The more modern technique in initial surgery is to use laparoscopically harvested peritoneum (which is basically stomach-lining) to create the 'walled space', which has the benefit of secretions which do not smell of indoles, so a more 'natural' lubrication.
All of the neovaginas need to be dilated post-surgery, and this is not a pleasurable task, especially in the beginning when everything is tender. Eventually you taper off the dilation, from (sometimes) twice a day to 2 or 3 times a week for the rest of your life.
There may well be infections issues for life, too. Although neovaginas created with peritoneum do have some natural lubrication, they do not truthfully 'get wet', nor do they have the same ph level (vaginas have a ph of 3.5 to 4.5) or bacterial flora found in natural vaginas which means that organisms which would usually happily live in an ordinary vagina can become overgrown/problematic in neovaginas. Neovaginas are more likely to have BV, (bacterial vaginosis) and they do not have the lactobacillus natal vaginas have. They do not seem like vaginas, but more like 'guts' (see science1).

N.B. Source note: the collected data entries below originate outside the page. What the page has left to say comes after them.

(* Let $\varphi$ be a finite conjunction of literals of the two forms $x\in y$ and $x = y\setminus z$ (with $x,y,z$ set variables), with finite set of variables $\mathrm{Vars}(\varphi)$. Let $M$ be a set assignment over $\mathrm{Vars}(\varphi)$ satisfying $\varphi$; let $\bar x,\bar y\in\mathrm{Vars}(\varphi)$, let $\overline{M}$ be a set assignment over $\mathrm{Vars}(\varphi)$ satisfying $\varphi$ with $\overline{M}\bar x\neq \overline{M}\bar y$, and let $\mathfrak{t}$ be a set belonging to exactly one of $\overline{M}\bar x$, $\overline{M}\bar y$. Fix a set $\mathfrak{s}$ with $\mathrm{rk}(\mathfrak{s})>\mathrm{rk}(M)$. Define $\mathsf{V}_0=\{u\in\mathrm{Vars}(\varphi)\mid \mathfrak{t}\in\overline{M}u\}$; $\mathsf{V}_n=\{u\in\mathrm{Vars}(\varphi)\mid Mu\cap\{Mw\mid w\in\mathsf{V}_{n-1}\}\neq\emptyset\}$ for $n\ge1$; $M_0v=Mv\cup\{\mathfrak{s}\}$ if $v\in\mathsf{V}_0$ and $M_0v=Mv$ otherwise; for $n\ge1$, $M_nv=M_{n-1}v\cup\{M_{n-1}u\mid u\in\mathsf{V}_{n-1},\ Mu\in Mv\}$ if $v\in\mathsf{V}_n$ and $M_nv=M_{n-1}v$ otherwise. Then for all $n\in\mathbb{N}$ and $x,y\in\mathrm{Vars}(\varphi)$, if $x\in\mathsf{V}_n$ and $Mx\in My$, then $y\in\mathsf{V}_{n+1}$ and $M_nx\in M_{n+1}y$.
   Context: A set assignment is a map from a finite set of set variables into the von Neumann universe $\mathcal{V}=\bigcup_\alpha\mathcal{V}_\alpha$, $\mathcal{V}_\alpha=\bigcup_{\beta<\alpha}\mathcal{P}(\mathcal{V}_\beta)$; it satisfies $x\in y$ iff $Mx\in My$ and $x=y\setminus z$ iff $Mx=My\setminus Mz$. The rank $\mathrm{rk}(s)$ of a set $s$ is the least ordinal $\alpha$ with $s\subseteq\mathcal{V}_\alpha$, and $\mathrm{rk}(M)=\max\{\mathrm{rk}(Mx)\mid x\in\mathrm{dom}(M)\}$. *)

(* The von Neumann universe is modelled by Aczel's
   well-founded trees (sets as (index type, element family)), with
   extensional equality eqV and membership memV defined by recursion. *)
From Stdlib Require Import List ClassicalEpsilon.
Import ListNotations.

Inductive V : Type := sup : forall (A : Type), (A -> V) -> V.

Definition idx (a : V) : Type := match a with sup A _ => A end.
Definition elt (a : V) : idx a -> V := match a with sup _ f => f end.

Fixpoint eqV (a b : V) {struct a} : Prop :=
  match a, b with
  | sup A f, sup B g =>
      (forall i, exists j, eqV (f i) (g j)) /\ (forall j, exists i, eqV (f i) (g j))
  end.

Definition memV (x y : V) : Prop := exists j : idx y, eqV x (elt y j).

Definition unionV (a b : V) : V :=
  sup (idx a + idx b) (fun p => match p with inl i => elt a i | inr j => elt b j end).

Definition singV (x : V) : V := sup unit (fun _ => x).

Definition diffV (a b : V) : V :=
  sup {i : idx a | ~ memV (elt a i) b} (fun p => elt a (proj1_sig p)).

Definition succV (o : V) : V := unionV o (singV o).

(** rank: rk(a) = ⋃_{x ∈ a} (rk(x) + 1), a von Neumann ordinal; this is the
    least α with a ⊆ V_α. *)
Fixpoint rk (a : V) : V :=
  match a with
  | sup A f =>
      sup {i : A & idx (succV (rk (f i)))}
          (fun p => elt (succV (rk (f (projT1 p)))) (projT2 p))
  end.

Definition rk_lt (a b : V) : Prop := memV (rk a) (rk b).

Definition var := nat.

Inductive literal : Type :=
| LMem  : var -> var -> literal
| LDiff : var -> var -> var -> literal.

Definition formula := list literal.

Definition lit_vars (l : literal) : list var :=
  match l with LMem x y => [x; y] | LDiff x y z => [x; y; z] end.

Definition inVars (phi : formula) (u : var) : Prop :=
  exists l, In l phi /\ In u (lit_vars l).

(** a set assignment (meaningful on Vars(φ)) *)
Definition assignment := var -> V.

Definition sat_lit (M : assignment) (l : literal) : Prop :=
  match l with
  | LMem x y => memV (M x) (M y)
  | LDiff x y z => eqV (M x) (diffV (M y) (M z))
  end.

Definition satisfies (M : assignment) (phi : formula) : Prop :=
  forall l, In l phi -> sat_lit M l.

(** rk(s) > rk(M) = max { rk(Mx) | x ∈ Vars(φ) } *)
Definition rank_gt_assignment (phi : formula) (M : assignment) (s : V) : Prop :=
  forall x, inVars phi x -> rk_lt (M x) s.

Fixpoint Vset (phi : formula) (M Mbar : assignment) (t : V) (n : nat) (u : var) : Prop :=
  match n with
  | 0 => inVars phi u /\ memV t (Mbar u)
  | S m => inVars phi u /\
           exists e, memV e (M u) /\
             exists w, Vset phi M Mbar t m w /\ eqV e (M w)
  end.

Definition step_set (phi : formula) (M Mbar : assignment) (t : V) (m : nat)
  (Mprev : assignment) (v : var) : V :=
  sup {u : var | Vset phi M Mbar t m u /\ memV (M u) (M v)}
      (fun p => Mprev (proj1_sig p)).

Fixpoint Mseq (phi : formula) (M Mbar : assignment) (t s : V) (n : nat) : assignment :=
  match n with
  | 0 => fun v =>
      if excluded_middle_informative (Vset phi M Mbar t 0 v)
      then unionV (M v) (singV s) else M v
  | S m => fun v =>
      let Mprev := Mseq phi M Mbar t s m in
      if excluded_middle_informative (Vset phi M Mbar t (S m) v)
      then unionV (Mprev v) (step_set phi M Mbar t m Mprev v)
      else Mprev v
  end.

(* Since Mx ∈ My with x ∈ V_n, the element Mx of My witnesses y ∈ V_(n+1);
   M_(n+1) y then contains M_n x among the sets it adds to M_n y. *)
From Stdlib Require Import ClassicalEpsilon.

Lemma eqV_refl (a : V) : eqV a a.
Proof.
  revert a; fix IH 1; intros [A f]; simpl.
  split; intros i; exists i; apply IH.
Qed.

Lemma memV_unionV_r (a b x : V) : memV x b -> memV x (unionV a b).
Proof.
  intros [j Hj]; now exists (inr j).
Qed.

Section Construction.

Variables (phi : formula) (M Mbar : assignment) (t s : V).

Lemma Vset_succ_of_memV (m : nat) (x y : var) :
  Vset phi M Mbar t m x -> inVars phi y -> memV (M x) (M y) ->
  Vset phi M Mbar t (S m) y.
Proof.
  intros Hx Hy Hxy; split; [exact Hy |].
  exists (M x); split; [exact Hxy |].
  exists x; split; [exact Hx | apply eqV_refl].
Qed.

Lemma memV_step_set (m : nat) (Mprev : assignment) (u v : var) :
  Vset phi M Mbar t m u -> memV (M u) (M v) ->
  memV (Mprev u) (step_set phi M Mbar t m Mprev v).
Proof.
  intros Hu Huv; exists (exist _ u (conj Hu Huv)); apply eqV_refl.
Qed.

Lemma Mseq_succ_Vset (m : nat) (v : var) :
  Vset phi M Mbar t (S m) v ->
  Mseq phi M Mbar t s (S m) v =
  unionV (Mseq phi M Mbar t s m v)
         (step_set phi M Mbar t m (Mseq phi M Mbar t s m) v).
Proof.
  intros Hv; cbn [Mseq].
  destruct (excluded_middle_informative (Vset phi M Mbar t (S m) v));
    [reflexivity | contradiction].
Qed.

End Construction.

Theorem lemma9 (phi : formula) (M Mbar : assignment) (xb yb : var) (t s : V) :
  satisfies M phi ->
  satisfies Mbar phi ->
  inVars phi xb -> inVars phi yb ->
  ~ eqV (Mbar xb) (Mbar yb) ->
  ((memV t (Mbar xb) /\ ~ memV t (Mbar yb)) \/
   (memV t (Mbar yb) /\ ~ memV t (Mbar xb))) ->
  rank_gt_assignment phi M s ->
  forall (n : nat) (x y : var),
    inVars phi x -> inVars phi y ->
    Vset phi M Mbar t n x -> memV (M x) (M y) ->
    Vset phi M Mbar t (S n) y /\
    memV (Mseq phi M Mbar t s n x) (Mseq phi M Mbar t s (S n) y).
Proof.
  intros _ _ _ _ _ _ _ n x y _ Hy Hx Hxy.
  assert (HVy : Vset phi M Mbar t (S n) y)
    by exact (Vset_succ_of_memV phi M Mbar t n x y Hx Hy Hxy).
  split; [exact HVy |].
  rewrite (Mseq_succ_Vset phi M Mbar t s n y HVy).
  apply memV_unionV_r, memV_step_set; assumption.
Qed.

If you want to see how bad it can get, then visit www.neovaginadisasters.com
this site is NSFW, nor is it for the faint hearted, and nor is it a site designed to 'laugh' at people who have had poor outcomes. There are some pictures on the site that evidence poor outcomes, and which do not look like the 'before and after pictures' you can look at on ordinary 'SRS Clinic' websites.
(science1: The neovaginal microbiome of transgender women post-gender reassignment surgery, at:
microbiomejournal.biomedcentral.com/articles/10.1186/s40168-020-00804-1
(science2: Postoperative complications of male to female sex reassignment surgery: A 10-year French retrospective study, at:
pubmed.ncbi.nlm.nih.gov/30269882/
I think people need all the information before they make a decision. And that includes the bad, the risks, the awful photos because depending on where you live, depending on where you get your surgery, depending what surgeon you get, if it goes wrong it can go drastically wrong.